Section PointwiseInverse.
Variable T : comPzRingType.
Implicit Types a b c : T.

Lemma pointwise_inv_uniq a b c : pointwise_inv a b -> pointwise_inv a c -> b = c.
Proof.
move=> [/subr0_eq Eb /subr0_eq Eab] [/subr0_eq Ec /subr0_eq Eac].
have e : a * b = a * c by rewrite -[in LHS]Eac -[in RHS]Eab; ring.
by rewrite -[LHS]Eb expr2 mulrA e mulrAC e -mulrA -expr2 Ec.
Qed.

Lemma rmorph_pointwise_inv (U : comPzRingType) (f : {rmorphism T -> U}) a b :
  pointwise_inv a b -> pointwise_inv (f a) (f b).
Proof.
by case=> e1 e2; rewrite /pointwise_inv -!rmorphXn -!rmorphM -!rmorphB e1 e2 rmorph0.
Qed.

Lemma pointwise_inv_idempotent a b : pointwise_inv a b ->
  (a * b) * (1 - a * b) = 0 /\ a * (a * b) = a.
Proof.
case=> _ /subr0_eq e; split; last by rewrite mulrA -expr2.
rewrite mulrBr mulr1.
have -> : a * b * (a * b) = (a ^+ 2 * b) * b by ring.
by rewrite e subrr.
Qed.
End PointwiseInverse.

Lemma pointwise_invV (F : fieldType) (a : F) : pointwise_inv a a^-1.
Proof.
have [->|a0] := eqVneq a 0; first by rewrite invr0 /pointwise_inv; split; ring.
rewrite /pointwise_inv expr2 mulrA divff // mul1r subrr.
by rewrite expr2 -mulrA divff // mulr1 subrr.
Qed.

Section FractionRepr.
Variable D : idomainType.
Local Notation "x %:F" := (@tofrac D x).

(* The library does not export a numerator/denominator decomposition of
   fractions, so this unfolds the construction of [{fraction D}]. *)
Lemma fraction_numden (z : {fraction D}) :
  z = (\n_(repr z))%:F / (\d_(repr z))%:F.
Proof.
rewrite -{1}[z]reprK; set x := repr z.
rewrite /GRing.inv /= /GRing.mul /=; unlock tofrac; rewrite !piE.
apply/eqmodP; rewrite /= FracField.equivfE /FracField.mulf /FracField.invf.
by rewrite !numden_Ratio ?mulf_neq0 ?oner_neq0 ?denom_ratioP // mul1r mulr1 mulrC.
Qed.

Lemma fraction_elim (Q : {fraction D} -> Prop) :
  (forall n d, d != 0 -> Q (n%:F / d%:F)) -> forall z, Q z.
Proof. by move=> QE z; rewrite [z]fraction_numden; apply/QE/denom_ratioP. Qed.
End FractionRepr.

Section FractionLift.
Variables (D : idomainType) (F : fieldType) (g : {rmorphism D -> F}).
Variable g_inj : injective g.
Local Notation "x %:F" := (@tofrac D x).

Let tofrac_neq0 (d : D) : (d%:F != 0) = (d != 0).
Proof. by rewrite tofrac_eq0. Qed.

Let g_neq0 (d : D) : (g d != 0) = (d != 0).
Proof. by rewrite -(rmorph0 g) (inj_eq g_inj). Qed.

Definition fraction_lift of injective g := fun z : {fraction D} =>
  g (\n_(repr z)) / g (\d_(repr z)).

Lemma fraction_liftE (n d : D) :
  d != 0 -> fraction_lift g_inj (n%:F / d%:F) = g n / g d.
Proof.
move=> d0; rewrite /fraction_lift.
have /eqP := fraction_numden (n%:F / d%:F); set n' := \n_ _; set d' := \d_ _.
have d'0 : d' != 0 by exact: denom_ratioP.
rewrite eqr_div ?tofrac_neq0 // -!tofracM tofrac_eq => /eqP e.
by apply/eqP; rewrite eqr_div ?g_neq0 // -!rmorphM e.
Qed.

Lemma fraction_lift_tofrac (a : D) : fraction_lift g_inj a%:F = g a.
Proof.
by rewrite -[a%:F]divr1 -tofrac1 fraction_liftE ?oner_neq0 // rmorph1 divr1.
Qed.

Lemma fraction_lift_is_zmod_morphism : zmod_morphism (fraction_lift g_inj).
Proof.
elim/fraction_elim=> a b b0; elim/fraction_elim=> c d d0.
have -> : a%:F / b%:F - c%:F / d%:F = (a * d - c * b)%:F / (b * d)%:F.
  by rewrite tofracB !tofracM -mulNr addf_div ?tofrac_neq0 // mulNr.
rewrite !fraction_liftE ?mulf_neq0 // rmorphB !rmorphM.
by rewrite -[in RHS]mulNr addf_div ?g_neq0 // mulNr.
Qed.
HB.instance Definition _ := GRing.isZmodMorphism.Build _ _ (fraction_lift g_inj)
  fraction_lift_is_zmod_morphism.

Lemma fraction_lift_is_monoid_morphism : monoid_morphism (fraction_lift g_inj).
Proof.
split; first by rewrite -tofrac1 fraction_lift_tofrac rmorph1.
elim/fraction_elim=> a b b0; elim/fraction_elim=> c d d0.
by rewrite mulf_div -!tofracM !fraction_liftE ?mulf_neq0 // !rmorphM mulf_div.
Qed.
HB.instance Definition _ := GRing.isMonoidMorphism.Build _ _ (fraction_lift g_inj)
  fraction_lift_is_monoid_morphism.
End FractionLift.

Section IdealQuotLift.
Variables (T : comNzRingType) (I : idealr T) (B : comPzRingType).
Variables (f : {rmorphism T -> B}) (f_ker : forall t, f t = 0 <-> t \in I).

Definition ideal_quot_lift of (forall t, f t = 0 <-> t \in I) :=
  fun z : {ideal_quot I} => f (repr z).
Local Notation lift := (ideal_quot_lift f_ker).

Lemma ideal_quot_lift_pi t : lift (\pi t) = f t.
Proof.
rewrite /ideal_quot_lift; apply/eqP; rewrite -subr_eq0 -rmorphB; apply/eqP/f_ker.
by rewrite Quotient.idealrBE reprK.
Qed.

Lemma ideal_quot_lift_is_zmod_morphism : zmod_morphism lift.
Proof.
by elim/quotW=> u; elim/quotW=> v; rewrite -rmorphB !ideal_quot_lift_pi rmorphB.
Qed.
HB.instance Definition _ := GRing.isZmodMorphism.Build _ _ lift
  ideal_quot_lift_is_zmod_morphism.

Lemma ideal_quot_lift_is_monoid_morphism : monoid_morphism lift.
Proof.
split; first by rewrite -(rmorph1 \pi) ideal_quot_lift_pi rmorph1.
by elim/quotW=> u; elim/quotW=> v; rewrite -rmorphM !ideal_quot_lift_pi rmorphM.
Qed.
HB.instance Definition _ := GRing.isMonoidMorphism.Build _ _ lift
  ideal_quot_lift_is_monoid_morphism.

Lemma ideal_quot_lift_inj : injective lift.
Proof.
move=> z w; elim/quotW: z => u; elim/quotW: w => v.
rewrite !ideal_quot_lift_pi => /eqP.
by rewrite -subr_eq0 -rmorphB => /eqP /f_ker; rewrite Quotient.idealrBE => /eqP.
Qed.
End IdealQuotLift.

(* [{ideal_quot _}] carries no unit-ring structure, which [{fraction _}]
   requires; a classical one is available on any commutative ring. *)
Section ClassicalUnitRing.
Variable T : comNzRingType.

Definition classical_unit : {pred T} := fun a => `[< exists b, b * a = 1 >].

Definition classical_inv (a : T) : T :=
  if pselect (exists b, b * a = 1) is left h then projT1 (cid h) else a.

-*-

__ACTIVITY__.
Please repeat word for word the lines above that run from the beginning through the line containing "move=> [/subr0_eq Eb", keeping both the first and that last line.

__REPLY TO THE TASK__.
Section PointwiseInverse.
Variable T : comPzRingType.
Implicit Types a b c : T.

Lemma pointwise_inv_uniq a b c : pointwise_inv a b -> pointwise_inv a c -> b = c.
Proof.
move=> [/subr0_eq Eb /subr0_eq Eab] [/subr0_eq Ec /subr0_eq Eac].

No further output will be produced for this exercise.